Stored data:
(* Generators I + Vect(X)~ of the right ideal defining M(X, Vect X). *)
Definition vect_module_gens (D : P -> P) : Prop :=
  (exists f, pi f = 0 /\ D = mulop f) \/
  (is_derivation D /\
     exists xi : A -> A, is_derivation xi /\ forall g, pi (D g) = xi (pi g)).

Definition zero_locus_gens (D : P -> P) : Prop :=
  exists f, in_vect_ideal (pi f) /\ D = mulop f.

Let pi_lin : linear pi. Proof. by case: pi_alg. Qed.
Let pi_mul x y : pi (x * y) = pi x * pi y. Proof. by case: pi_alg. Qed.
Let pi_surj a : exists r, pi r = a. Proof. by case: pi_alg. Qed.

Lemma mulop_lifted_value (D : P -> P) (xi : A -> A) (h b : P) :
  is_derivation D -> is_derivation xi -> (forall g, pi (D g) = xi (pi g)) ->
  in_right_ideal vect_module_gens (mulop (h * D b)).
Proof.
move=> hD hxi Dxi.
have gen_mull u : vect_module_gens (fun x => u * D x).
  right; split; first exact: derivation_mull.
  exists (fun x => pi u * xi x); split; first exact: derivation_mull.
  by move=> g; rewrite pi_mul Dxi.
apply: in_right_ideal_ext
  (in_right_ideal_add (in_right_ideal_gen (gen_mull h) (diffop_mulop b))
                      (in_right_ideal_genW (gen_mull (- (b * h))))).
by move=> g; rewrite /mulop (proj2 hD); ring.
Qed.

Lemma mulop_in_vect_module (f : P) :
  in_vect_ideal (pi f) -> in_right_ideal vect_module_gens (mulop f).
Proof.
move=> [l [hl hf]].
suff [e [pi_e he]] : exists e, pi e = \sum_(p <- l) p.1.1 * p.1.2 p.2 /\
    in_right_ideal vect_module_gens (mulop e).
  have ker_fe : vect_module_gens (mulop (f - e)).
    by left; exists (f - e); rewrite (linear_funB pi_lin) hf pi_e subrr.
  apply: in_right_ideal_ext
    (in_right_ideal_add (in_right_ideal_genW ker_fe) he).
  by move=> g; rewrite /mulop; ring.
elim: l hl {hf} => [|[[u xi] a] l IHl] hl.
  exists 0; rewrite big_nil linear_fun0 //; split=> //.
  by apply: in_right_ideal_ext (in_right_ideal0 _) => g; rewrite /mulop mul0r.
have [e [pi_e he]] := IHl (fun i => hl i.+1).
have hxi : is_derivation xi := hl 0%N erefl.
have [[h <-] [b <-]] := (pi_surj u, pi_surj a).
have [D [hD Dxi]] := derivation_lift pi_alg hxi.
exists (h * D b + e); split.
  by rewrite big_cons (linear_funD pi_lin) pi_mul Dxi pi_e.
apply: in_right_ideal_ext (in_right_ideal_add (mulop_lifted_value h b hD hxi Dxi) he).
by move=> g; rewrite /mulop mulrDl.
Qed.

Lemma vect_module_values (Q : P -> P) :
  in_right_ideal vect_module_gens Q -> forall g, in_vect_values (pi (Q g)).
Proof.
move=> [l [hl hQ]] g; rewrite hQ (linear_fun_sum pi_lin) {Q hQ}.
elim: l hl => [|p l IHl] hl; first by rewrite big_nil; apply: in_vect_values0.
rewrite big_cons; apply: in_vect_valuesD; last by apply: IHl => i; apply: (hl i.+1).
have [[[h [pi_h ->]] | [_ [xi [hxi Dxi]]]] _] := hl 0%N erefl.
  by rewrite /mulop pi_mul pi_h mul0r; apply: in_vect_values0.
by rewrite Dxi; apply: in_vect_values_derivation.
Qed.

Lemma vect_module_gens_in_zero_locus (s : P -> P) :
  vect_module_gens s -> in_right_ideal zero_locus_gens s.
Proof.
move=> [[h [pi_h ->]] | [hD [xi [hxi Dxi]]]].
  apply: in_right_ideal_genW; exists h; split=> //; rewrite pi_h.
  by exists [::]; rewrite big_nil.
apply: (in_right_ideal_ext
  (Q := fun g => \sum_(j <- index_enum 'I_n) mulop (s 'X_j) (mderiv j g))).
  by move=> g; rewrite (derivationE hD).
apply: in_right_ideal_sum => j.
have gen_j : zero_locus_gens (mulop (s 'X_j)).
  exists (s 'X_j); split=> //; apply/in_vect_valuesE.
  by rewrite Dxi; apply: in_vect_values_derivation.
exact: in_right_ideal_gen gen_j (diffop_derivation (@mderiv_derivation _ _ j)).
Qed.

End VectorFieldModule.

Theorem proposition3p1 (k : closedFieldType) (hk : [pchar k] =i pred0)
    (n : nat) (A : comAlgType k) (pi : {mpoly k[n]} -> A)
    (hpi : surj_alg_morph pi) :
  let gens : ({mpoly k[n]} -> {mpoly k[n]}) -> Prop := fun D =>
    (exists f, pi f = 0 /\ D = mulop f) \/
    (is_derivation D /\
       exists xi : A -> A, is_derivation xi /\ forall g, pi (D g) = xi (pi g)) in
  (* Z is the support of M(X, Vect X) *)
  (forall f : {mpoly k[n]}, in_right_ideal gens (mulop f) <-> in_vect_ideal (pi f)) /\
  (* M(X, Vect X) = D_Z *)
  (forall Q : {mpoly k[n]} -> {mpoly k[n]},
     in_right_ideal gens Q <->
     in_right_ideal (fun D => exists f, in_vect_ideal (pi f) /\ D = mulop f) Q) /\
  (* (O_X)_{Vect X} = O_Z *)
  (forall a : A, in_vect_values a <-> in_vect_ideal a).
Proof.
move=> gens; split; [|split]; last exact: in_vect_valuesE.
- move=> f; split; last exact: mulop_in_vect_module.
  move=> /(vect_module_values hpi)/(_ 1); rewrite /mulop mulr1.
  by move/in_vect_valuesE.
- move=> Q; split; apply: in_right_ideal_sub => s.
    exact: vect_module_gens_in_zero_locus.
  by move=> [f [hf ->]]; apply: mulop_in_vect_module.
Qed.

...

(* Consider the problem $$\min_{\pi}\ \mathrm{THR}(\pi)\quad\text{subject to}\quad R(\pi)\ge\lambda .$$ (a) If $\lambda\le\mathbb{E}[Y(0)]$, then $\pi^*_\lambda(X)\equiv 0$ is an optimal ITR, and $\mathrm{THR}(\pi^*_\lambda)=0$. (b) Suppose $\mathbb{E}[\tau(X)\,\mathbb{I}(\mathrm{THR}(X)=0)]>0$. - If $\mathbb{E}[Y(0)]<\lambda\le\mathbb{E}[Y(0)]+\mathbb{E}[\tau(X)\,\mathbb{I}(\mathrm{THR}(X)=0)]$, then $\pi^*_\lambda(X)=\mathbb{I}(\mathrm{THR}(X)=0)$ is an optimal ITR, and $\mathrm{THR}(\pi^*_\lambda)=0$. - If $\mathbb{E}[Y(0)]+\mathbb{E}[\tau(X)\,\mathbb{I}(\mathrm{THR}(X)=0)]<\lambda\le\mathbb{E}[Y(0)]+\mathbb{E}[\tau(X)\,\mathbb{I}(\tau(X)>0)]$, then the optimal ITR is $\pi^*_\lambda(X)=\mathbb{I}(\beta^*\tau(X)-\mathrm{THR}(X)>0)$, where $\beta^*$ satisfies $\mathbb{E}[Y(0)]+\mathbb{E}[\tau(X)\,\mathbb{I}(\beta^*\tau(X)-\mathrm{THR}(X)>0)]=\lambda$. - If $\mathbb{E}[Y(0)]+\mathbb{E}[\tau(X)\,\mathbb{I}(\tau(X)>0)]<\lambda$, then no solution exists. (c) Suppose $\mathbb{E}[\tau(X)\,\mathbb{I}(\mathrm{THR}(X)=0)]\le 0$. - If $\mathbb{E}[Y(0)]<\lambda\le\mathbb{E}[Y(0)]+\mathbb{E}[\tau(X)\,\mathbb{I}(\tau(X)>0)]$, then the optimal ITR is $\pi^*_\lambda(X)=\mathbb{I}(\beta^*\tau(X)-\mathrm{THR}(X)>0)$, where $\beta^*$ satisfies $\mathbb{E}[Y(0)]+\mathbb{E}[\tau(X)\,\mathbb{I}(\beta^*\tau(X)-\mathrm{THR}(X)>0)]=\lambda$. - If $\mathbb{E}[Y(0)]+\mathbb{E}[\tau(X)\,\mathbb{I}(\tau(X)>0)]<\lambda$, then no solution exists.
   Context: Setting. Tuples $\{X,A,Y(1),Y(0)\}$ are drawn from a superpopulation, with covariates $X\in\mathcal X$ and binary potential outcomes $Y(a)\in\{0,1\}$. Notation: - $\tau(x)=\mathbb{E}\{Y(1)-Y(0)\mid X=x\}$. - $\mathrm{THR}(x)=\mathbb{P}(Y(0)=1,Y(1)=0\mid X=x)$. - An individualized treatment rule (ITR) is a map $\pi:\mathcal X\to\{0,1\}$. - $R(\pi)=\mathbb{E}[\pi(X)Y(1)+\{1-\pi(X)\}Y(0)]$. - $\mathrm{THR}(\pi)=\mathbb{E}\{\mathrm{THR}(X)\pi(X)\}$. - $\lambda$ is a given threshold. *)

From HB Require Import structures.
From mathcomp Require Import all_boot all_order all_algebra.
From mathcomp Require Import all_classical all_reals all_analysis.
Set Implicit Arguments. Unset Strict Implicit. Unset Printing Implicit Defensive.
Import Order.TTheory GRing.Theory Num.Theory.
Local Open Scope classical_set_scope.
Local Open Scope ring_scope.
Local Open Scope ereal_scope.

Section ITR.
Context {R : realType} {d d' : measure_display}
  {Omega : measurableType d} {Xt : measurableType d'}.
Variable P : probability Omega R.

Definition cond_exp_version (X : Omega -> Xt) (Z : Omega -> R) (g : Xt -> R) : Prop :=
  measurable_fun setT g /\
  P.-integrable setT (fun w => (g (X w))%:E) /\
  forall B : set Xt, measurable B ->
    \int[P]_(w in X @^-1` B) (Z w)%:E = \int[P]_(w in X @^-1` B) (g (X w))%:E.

---

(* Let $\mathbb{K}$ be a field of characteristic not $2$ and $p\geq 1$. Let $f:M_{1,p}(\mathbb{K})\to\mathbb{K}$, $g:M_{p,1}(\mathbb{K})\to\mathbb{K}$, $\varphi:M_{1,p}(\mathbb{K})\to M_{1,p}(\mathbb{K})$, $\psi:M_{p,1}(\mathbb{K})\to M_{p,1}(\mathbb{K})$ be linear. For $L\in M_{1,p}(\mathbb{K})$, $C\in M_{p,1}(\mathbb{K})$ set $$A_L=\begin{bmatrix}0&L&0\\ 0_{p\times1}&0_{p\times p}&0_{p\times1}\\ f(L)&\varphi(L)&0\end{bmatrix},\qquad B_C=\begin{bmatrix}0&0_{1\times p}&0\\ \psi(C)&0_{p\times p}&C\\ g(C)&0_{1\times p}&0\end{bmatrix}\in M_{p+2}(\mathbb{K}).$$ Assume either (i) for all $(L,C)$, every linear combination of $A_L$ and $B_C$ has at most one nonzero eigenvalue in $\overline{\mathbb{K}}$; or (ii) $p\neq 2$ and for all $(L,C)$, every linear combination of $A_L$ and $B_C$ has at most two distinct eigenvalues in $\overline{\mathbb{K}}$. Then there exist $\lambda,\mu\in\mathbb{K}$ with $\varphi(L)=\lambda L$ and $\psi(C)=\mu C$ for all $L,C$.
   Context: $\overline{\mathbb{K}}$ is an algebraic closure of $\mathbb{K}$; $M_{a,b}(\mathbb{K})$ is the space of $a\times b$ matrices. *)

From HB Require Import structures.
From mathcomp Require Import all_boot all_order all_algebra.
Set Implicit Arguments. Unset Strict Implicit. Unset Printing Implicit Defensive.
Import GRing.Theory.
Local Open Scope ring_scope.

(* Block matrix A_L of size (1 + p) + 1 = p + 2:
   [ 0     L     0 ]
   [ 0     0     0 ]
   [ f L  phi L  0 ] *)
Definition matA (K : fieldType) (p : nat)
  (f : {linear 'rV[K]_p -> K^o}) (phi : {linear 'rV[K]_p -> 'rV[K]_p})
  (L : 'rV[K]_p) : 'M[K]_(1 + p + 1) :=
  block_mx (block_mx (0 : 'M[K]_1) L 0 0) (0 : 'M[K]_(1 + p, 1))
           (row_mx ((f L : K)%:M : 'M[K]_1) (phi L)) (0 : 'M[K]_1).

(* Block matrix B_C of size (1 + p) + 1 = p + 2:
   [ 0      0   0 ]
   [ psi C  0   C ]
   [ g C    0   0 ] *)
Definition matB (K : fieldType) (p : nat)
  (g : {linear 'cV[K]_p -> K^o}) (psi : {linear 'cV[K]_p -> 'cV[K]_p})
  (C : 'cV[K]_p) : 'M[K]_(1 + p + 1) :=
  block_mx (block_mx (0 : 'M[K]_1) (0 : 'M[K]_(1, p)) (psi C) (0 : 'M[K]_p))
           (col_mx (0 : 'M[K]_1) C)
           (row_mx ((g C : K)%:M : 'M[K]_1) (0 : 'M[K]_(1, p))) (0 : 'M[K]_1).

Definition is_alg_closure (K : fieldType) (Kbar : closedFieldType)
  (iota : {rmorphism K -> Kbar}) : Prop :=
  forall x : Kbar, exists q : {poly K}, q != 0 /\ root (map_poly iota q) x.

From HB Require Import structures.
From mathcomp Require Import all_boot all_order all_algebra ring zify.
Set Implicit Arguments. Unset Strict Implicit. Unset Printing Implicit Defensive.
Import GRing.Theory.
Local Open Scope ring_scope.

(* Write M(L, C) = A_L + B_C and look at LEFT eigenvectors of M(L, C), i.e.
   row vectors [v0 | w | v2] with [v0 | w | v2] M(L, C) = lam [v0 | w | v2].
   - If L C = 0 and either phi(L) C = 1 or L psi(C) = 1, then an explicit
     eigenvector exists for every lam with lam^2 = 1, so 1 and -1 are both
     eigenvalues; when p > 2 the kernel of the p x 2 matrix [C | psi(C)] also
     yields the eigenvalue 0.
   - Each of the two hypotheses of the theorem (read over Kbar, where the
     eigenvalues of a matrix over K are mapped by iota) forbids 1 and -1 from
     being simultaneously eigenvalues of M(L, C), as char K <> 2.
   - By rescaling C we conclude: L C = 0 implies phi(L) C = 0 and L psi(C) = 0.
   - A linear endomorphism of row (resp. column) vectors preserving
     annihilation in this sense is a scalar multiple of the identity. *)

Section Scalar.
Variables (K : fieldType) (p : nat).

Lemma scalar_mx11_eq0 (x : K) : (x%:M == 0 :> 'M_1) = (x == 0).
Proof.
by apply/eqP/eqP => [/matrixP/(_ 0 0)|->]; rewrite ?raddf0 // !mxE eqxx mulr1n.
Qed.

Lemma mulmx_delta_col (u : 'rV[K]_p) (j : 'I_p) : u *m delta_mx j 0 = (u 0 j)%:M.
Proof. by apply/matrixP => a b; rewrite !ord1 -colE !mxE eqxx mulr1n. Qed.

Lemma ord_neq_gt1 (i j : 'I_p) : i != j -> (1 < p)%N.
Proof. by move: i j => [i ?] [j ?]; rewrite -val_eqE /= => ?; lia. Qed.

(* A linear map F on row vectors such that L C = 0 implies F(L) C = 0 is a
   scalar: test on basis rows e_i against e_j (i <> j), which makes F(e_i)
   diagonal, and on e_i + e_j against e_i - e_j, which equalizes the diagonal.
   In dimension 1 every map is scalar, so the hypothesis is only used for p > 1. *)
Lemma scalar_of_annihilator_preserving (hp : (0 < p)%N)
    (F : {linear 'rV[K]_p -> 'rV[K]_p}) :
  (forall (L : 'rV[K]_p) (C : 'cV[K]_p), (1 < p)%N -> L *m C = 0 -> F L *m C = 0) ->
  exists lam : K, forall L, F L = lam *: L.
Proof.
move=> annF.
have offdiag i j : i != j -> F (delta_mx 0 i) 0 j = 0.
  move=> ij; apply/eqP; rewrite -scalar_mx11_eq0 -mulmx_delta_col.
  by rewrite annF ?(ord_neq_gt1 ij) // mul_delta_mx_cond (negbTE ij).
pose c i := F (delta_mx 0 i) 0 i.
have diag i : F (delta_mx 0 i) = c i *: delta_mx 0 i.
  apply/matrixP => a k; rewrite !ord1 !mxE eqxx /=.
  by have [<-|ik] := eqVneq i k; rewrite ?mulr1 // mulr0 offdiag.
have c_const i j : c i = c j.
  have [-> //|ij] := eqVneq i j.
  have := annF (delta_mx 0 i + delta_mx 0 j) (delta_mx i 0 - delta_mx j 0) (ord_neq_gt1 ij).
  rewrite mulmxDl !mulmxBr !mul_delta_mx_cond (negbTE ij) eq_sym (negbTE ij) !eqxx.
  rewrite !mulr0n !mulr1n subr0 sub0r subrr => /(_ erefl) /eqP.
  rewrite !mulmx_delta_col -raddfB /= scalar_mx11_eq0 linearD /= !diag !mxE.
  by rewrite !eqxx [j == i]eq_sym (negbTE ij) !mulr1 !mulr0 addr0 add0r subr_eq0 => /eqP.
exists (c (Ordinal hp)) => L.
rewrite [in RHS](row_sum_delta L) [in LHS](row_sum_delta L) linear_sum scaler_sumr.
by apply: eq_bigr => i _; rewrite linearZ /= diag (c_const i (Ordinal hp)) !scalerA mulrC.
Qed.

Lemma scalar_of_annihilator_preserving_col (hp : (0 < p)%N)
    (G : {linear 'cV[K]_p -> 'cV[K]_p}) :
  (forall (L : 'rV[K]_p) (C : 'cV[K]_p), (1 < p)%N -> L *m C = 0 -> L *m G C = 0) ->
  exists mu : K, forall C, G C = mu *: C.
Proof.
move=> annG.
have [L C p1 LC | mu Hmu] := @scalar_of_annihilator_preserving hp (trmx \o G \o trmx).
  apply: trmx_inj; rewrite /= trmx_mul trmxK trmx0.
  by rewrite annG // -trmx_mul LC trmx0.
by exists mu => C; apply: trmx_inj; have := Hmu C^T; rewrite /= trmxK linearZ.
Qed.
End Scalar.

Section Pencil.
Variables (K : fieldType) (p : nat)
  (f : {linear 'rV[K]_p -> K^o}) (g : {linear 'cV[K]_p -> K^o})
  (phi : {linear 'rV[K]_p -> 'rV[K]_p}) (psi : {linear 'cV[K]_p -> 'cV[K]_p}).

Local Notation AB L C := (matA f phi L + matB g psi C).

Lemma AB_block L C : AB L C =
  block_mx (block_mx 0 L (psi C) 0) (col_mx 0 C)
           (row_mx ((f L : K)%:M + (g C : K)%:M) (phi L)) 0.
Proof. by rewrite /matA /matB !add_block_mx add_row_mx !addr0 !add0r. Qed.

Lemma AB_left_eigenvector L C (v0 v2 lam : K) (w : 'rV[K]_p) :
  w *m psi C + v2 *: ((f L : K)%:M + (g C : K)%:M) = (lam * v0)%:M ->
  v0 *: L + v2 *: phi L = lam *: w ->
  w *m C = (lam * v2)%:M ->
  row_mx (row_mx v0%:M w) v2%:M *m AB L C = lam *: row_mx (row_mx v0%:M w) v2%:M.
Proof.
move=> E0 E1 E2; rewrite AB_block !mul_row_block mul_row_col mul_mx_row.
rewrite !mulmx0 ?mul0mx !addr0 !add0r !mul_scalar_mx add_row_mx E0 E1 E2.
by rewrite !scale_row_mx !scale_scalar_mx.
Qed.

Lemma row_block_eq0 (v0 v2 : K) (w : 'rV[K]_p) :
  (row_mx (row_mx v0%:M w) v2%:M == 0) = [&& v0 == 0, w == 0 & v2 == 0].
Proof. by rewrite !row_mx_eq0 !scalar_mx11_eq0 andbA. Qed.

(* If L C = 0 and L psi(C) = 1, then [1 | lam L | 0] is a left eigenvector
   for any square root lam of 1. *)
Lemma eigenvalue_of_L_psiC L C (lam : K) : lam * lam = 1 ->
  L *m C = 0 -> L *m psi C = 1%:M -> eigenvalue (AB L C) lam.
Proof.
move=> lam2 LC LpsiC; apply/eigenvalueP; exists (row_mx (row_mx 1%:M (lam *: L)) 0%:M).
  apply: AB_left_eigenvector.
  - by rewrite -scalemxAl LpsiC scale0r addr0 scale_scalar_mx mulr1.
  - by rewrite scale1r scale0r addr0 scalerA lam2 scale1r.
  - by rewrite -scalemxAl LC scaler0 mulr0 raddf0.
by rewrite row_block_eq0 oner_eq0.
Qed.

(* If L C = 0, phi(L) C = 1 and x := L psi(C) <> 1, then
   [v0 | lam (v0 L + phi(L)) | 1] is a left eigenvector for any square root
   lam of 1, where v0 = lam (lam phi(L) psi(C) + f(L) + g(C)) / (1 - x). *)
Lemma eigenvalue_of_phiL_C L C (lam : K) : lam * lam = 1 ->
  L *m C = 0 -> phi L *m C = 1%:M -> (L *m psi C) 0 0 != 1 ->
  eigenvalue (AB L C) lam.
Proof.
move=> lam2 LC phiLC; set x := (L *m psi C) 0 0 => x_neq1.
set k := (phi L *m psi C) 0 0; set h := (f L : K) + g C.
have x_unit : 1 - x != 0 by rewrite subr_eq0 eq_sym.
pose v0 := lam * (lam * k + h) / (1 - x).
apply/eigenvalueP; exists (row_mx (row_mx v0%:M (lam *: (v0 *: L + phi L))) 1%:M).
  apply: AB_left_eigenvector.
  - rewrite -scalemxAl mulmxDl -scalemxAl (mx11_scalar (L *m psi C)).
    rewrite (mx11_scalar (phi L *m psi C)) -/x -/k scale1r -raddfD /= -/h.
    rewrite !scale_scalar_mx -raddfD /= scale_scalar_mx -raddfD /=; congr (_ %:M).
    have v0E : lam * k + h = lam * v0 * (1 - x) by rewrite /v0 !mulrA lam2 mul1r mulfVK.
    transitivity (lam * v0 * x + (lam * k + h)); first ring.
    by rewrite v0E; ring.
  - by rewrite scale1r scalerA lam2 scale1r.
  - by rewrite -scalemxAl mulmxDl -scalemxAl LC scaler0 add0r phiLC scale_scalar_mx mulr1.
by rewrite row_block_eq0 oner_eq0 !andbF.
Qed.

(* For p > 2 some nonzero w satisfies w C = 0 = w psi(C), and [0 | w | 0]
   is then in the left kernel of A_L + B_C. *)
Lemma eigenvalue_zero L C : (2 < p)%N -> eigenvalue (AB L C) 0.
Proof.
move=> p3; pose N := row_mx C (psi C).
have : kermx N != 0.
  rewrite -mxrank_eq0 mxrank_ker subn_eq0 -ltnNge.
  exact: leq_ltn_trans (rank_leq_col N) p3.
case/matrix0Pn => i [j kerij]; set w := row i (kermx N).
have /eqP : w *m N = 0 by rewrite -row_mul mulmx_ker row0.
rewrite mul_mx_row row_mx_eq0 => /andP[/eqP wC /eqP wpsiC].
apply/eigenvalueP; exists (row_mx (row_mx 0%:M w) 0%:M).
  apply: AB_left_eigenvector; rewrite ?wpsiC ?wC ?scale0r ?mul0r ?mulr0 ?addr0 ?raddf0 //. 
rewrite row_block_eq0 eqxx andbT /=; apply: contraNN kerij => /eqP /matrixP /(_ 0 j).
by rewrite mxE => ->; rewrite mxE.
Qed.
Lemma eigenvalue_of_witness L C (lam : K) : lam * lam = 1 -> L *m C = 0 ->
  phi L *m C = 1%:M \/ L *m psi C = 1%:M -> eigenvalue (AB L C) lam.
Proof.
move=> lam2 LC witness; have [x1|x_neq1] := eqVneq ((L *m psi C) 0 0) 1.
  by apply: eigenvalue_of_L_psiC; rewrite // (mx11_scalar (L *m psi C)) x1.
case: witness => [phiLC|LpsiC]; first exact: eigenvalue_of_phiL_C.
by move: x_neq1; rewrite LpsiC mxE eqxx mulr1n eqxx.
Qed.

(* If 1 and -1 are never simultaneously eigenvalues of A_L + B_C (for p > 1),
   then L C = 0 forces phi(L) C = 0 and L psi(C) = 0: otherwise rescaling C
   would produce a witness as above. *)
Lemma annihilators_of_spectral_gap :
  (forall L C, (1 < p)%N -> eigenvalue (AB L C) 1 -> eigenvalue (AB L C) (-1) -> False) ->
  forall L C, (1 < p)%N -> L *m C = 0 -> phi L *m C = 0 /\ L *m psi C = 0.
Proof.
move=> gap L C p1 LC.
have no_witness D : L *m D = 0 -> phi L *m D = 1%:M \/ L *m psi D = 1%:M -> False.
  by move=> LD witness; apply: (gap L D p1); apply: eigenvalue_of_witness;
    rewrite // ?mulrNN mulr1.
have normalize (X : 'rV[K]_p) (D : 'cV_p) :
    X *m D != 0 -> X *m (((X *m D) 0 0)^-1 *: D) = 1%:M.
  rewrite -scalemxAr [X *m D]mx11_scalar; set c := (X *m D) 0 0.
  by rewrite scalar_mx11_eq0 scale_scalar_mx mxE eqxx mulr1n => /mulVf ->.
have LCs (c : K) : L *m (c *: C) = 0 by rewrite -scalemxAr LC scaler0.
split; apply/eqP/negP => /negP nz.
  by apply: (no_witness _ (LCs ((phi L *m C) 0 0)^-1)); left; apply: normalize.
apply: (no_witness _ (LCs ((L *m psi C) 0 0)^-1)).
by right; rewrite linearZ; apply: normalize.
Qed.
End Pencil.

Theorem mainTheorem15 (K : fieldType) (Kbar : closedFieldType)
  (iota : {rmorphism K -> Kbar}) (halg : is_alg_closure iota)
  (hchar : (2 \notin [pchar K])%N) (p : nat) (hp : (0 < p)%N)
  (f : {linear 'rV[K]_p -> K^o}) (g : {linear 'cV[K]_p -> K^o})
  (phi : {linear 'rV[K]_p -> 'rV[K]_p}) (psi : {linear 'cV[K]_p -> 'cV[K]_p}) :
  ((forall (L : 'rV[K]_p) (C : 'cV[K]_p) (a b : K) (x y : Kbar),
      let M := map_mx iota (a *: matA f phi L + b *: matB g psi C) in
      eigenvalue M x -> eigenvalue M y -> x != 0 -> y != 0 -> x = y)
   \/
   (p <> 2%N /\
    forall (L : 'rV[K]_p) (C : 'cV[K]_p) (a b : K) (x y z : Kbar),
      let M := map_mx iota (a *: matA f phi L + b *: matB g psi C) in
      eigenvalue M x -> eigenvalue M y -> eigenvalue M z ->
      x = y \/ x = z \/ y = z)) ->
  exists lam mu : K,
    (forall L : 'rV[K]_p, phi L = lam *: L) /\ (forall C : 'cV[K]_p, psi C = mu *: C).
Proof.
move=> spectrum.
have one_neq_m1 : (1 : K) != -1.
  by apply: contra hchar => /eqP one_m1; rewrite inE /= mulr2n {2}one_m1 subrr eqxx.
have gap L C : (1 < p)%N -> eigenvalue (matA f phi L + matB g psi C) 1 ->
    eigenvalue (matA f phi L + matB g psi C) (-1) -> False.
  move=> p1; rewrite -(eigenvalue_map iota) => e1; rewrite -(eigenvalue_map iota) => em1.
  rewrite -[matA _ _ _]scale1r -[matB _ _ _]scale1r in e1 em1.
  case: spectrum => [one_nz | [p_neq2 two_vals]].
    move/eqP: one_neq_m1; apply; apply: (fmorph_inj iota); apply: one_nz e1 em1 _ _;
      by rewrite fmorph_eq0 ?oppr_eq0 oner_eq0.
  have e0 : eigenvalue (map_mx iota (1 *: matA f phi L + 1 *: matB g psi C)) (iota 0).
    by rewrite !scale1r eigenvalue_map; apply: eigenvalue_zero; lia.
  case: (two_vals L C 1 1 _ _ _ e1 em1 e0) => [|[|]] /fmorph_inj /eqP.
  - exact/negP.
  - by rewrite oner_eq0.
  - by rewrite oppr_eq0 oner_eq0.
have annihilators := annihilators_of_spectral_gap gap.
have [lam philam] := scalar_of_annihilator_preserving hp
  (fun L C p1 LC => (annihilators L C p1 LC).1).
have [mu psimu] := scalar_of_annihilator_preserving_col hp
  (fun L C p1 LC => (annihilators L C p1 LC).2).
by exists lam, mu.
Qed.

> [What is needed]: Only those lines of the entries above that run from the line containing "rewrite !mulmx0 ?mul0mx" to the line containing "(* If L C = 0, phi(L)", both included, should be transcribed exactly.

> [Written answer]:
rewrite !mulmx0 ?mul0mx !addr0 !add0r !mul_scalar_mx add_row_mx E0 E1 E2.
by rewrite !scale_row_mx !scale_scalar_mx.
Qed.

Lemma row_block_eq0 (v0 v2 : K) (w : 'rV[K]_p) :
  (row_mx (row_mx v0%:M w) v2%:M == 0) = [&& v0 == 0, w == 0 & v2 == 0].
Proof. by rewrite !row_mx_eq0 !scalar_mx11_eq0 andbA. Qed.

(* If L C = 0 and L psi(C) = 1, then [1 | lam L | 0] is a left eigenvector
   for any square root lam of 1. *)
Lemma eigenvalue_of_L_psiC L C (lam : K) : lam * lam = 1 ->
  L *m C = 0 -> L *m psi C = 1%:M -> eigenvalue (AB L C) lam.
Proof.
move=> lam2 LC LpsiC; apply/eigenvalueP; exists (row_mx (row_mx 1%:M (lam *: L)) 0%:M).
  apply: AB_left_eigenvector.
  - by rewrite -scalemxAl LpsiC scale0r addr0 scale_scalar_mx mulr1.
  - by rewrite scale1r scale0r addr0 scalerA lam2 scale1r.
  - by rewrite -scalemxAl LC scaler0 mulr0 raddf0.
by rewrite row_block_eq0 oner_eq0.
Qed.

(* If L C = 0, phi(L) C = 1 and x := L psi(C) <> 1, then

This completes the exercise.